# YOUR OBJECTIVE
Below are the entries. Transcribe exactly the lines from the one with "simple_graph e -> is_ldimf" through the one with "have resf : local_resolving e f.", ends included, and leave out all others.

------------------------

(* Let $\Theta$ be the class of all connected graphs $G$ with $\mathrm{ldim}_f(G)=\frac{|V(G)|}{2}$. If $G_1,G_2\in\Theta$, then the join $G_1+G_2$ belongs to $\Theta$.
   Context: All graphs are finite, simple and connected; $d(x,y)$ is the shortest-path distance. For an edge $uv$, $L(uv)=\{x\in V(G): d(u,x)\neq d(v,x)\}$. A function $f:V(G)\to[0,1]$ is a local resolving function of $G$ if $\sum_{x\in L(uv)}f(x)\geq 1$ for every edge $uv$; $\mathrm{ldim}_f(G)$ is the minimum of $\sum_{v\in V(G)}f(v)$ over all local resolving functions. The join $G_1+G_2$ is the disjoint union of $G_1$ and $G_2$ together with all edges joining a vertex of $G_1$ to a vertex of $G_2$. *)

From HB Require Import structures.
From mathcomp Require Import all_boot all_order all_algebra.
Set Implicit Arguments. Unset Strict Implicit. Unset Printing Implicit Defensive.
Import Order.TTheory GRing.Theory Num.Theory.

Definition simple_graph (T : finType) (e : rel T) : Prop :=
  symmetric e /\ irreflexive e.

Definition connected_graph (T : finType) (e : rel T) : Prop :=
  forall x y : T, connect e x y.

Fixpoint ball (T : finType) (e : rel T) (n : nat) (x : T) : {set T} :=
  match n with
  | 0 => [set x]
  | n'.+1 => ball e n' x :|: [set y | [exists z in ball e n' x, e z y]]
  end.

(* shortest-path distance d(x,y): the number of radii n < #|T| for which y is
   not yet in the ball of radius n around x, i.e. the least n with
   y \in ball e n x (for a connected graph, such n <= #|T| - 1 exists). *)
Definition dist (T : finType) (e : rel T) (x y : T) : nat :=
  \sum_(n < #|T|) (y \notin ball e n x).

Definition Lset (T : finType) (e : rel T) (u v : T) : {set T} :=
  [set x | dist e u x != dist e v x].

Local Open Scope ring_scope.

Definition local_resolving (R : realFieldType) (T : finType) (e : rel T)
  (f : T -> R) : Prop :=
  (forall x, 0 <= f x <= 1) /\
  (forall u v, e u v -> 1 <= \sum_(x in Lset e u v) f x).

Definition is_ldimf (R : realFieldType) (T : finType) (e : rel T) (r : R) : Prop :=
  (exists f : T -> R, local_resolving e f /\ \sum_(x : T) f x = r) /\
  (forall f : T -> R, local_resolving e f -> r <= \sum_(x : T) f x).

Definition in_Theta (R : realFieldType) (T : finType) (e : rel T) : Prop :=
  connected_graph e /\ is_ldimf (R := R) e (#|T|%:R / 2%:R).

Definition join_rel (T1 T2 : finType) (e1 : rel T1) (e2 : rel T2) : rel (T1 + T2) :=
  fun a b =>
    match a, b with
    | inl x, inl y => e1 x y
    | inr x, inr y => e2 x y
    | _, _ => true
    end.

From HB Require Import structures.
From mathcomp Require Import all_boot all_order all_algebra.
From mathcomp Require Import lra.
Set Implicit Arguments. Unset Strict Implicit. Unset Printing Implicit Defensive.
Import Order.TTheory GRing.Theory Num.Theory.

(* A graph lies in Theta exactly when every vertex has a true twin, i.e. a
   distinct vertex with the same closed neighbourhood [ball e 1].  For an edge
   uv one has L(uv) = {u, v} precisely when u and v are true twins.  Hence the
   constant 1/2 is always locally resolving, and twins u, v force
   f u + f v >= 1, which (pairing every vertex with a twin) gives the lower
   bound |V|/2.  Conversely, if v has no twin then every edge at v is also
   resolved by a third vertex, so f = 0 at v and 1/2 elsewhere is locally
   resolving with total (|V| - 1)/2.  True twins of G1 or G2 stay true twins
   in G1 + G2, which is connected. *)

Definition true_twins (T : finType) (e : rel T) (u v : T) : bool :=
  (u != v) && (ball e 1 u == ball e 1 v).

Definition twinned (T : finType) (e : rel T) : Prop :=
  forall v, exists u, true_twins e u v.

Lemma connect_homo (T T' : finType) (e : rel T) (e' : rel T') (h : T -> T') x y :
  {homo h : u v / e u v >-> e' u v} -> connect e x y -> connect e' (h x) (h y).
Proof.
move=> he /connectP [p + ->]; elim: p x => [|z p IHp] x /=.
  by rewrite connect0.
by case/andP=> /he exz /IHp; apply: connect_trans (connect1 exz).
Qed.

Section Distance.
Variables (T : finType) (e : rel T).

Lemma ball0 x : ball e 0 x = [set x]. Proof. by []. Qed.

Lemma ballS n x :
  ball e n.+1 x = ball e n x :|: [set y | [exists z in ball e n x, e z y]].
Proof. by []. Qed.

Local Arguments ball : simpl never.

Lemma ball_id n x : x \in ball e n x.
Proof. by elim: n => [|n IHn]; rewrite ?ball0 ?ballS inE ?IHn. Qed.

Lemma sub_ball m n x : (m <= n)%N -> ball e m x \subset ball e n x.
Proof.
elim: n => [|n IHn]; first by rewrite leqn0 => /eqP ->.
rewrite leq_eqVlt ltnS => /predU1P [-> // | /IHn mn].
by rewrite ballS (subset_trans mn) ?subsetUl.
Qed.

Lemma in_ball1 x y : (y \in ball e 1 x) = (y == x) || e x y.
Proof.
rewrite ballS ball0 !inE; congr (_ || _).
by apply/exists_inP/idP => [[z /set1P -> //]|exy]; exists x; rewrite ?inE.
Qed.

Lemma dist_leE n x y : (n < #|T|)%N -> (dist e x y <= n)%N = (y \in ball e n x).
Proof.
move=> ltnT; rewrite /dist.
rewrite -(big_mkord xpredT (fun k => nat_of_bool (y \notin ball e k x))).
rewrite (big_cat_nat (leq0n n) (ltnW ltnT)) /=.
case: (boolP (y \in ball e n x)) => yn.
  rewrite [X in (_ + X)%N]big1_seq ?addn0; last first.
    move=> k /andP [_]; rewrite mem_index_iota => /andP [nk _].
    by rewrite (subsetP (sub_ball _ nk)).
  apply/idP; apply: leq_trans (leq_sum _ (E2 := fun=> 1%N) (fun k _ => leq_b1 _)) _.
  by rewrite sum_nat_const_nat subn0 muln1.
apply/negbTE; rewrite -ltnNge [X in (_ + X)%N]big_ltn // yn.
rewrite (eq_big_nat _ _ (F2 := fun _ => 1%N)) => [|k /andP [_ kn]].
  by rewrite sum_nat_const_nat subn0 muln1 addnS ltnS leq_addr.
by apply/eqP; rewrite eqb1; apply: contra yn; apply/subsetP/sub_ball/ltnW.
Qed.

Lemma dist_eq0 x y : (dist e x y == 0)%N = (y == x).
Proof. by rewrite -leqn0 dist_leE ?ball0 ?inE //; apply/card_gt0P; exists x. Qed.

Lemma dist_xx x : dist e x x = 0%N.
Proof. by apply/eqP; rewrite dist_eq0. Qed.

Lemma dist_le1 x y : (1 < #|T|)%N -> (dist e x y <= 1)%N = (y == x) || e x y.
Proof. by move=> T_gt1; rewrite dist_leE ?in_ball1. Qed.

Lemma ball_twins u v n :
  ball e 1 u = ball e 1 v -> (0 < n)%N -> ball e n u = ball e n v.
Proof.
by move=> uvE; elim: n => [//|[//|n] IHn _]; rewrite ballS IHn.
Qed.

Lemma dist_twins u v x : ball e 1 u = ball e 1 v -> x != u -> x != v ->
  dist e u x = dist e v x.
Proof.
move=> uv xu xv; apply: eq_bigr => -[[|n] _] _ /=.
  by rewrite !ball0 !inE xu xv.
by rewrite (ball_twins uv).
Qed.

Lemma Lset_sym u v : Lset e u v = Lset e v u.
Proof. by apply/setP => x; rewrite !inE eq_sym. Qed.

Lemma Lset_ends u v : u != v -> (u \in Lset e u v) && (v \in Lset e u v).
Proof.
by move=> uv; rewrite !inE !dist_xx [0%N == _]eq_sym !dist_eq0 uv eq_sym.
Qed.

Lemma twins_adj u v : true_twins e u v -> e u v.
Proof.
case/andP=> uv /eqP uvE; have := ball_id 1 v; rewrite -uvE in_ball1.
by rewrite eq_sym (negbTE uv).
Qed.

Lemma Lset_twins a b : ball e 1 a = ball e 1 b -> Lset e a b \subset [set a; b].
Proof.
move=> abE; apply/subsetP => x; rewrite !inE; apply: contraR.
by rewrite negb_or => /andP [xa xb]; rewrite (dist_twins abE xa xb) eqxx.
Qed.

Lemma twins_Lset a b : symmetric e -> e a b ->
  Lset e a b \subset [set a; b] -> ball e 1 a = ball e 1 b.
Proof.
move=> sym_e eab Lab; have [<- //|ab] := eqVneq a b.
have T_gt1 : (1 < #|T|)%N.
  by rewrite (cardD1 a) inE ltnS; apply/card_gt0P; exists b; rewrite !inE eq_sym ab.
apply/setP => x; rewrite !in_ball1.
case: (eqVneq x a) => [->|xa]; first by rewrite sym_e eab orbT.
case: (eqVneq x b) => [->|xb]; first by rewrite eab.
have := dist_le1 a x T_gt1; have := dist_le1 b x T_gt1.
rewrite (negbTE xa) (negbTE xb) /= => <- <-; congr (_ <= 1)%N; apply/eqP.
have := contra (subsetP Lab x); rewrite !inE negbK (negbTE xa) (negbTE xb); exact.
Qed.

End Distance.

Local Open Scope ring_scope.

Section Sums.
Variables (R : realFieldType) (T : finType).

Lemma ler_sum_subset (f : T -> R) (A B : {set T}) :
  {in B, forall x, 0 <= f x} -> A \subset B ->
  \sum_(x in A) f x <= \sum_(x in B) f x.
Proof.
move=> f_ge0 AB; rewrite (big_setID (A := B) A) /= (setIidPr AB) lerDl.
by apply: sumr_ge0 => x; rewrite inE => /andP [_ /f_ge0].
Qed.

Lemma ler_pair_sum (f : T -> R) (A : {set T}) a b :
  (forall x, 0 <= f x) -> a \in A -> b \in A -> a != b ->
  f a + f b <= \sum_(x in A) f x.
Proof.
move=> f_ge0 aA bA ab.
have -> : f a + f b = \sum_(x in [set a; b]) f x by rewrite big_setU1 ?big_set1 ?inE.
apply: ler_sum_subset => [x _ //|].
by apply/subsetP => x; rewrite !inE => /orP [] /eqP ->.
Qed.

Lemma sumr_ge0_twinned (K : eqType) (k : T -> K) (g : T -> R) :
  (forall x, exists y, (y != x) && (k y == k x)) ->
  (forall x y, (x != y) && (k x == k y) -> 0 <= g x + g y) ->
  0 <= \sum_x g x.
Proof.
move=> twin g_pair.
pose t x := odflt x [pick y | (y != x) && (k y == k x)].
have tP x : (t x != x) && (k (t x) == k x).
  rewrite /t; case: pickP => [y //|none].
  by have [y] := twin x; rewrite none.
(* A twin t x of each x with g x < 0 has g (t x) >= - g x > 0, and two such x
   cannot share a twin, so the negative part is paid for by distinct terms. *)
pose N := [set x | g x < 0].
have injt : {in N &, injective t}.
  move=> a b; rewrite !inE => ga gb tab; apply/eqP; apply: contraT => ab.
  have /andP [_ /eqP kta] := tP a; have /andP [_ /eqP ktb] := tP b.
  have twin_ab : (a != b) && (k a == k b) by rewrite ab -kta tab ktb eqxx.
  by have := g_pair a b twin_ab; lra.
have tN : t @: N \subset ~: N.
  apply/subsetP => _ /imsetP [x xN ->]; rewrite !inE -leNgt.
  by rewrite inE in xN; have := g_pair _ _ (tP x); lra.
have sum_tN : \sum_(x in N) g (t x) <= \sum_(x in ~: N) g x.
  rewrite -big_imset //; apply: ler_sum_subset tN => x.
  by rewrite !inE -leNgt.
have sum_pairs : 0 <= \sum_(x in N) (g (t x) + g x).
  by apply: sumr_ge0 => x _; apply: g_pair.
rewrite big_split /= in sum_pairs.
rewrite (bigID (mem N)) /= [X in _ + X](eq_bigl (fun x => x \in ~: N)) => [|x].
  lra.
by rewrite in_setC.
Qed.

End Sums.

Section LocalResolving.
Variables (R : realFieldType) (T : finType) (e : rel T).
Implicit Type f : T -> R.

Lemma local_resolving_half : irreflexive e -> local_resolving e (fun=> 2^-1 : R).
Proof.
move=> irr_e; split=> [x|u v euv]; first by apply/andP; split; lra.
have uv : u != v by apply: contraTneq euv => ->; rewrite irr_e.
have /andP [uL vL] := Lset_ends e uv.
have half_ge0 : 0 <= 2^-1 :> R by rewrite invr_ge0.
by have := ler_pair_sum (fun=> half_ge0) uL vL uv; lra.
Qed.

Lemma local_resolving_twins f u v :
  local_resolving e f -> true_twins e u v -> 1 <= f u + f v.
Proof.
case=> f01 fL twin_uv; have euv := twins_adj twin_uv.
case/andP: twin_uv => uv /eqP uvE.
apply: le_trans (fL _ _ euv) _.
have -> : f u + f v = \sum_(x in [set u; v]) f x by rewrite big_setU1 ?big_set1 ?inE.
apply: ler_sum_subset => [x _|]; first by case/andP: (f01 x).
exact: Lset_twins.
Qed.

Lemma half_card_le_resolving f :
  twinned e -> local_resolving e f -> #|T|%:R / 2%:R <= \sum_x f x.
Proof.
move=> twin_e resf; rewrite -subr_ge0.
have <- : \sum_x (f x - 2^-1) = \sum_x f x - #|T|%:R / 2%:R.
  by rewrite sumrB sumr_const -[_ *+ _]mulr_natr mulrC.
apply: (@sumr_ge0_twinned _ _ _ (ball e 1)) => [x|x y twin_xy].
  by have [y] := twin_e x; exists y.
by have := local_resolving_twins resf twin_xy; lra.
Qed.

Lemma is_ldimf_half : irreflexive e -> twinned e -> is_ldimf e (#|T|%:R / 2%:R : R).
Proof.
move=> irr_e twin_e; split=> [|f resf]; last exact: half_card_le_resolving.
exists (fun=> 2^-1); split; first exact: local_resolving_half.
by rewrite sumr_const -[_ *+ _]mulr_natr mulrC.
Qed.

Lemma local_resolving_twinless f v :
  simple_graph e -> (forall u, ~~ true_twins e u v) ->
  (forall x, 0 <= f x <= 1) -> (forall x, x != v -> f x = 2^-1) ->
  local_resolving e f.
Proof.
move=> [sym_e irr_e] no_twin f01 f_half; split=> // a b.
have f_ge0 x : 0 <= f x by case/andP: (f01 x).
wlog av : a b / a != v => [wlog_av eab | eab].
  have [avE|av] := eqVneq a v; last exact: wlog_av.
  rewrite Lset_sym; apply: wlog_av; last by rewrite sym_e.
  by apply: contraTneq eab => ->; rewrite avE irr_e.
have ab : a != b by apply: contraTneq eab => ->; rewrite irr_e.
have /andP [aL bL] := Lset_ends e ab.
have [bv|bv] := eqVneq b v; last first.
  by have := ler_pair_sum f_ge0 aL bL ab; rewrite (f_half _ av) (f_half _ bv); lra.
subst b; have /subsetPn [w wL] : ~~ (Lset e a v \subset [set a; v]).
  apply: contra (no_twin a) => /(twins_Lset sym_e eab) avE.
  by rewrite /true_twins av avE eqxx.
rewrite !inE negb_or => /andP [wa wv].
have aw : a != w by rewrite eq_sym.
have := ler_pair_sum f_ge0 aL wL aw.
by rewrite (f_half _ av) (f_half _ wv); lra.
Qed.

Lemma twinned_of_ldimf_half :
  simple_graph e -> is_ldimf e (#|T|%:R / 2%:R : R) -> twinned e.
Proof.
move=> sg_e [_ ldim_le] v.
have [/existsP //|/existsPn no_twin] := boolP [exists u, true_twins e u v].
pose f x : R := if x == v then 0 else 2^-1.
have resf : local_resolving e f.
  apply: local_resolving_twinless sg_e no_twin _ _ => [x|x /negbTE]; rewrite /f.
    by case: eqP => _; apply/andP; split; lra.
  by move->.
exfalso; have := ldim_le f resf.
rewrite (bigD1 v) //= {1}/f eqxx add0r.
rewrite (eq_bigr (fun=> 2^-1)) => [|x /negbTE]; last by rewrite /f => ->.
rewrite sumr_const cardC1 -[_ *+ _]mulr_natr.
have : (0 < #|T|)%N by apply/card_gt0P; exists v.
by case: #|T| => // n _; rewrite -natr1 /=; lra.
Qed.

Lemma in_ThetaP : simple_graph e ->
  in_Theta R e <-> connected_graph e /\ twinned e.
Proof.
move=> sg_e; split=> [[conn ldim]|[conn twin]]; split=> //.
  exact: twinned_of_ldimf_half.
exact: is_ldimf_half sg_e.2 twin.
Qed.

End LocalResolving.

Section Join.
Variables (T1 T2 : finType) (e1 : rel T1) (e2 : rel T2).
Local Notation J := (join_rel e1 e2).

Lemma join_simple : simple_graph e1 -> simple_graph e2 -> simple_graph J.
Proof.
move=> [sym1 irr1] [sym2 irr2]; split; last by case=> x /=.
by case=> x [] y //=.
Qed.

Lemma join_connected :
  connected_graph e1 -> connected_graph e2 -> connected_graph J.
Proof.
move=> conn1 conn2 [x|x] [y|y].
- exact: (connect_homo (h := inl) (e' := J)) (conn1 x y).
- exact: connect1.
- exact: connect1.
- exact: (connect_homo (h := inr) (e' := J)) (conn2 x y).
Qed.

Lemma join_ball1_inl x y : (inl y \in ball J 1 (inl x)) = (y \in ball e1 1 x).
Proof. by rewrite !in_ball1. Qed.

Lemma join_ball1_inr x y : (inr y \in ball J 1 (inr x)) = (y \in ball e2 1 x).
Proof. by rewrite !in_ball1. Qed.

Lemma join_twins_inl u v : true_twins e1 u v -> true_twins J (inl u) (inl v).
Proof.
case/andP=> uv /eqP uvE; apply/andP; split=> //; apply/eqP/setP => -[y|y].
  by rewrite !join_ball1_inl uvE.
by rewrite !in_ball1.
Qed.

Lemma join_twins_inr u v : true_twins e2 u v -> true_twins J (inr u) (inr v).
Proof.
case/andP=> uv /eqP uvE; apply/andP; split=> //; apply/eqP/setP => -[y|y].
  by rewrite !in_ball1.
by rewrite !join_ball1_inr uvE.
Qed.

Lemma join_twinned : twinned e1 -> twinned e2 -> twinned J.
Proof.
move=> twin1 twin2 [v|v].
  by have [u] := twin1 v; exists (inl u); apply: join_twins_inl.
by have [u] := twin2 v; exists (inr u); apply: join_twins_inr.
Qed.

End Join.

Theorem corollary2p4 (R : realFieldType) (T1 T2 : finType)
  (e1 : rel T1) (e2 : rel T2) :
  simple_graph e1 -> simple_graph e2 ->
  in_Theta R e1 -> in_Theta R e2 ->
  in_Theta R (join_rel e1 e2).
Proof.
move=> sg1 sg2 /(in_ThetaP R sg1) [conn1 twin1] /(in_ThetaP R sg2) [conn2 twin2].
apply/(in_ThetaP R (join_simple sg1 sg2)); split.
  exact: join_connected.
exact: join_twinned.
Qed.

------------------------

# SOLUTION TO THE PROBLEM
  simple_graph e -> is_ldimf e (#|T|%:R / 2%:R : R) -> twinned e.
Proof.
move=> sg_e [_ ldim_le] v.
have [/existsP //|/existsPn no_twin] := boolP [exists u, true_twins e u v].
pose f x : R := if x == v then 0 else 2^-1.
have resf : local_resolving e f.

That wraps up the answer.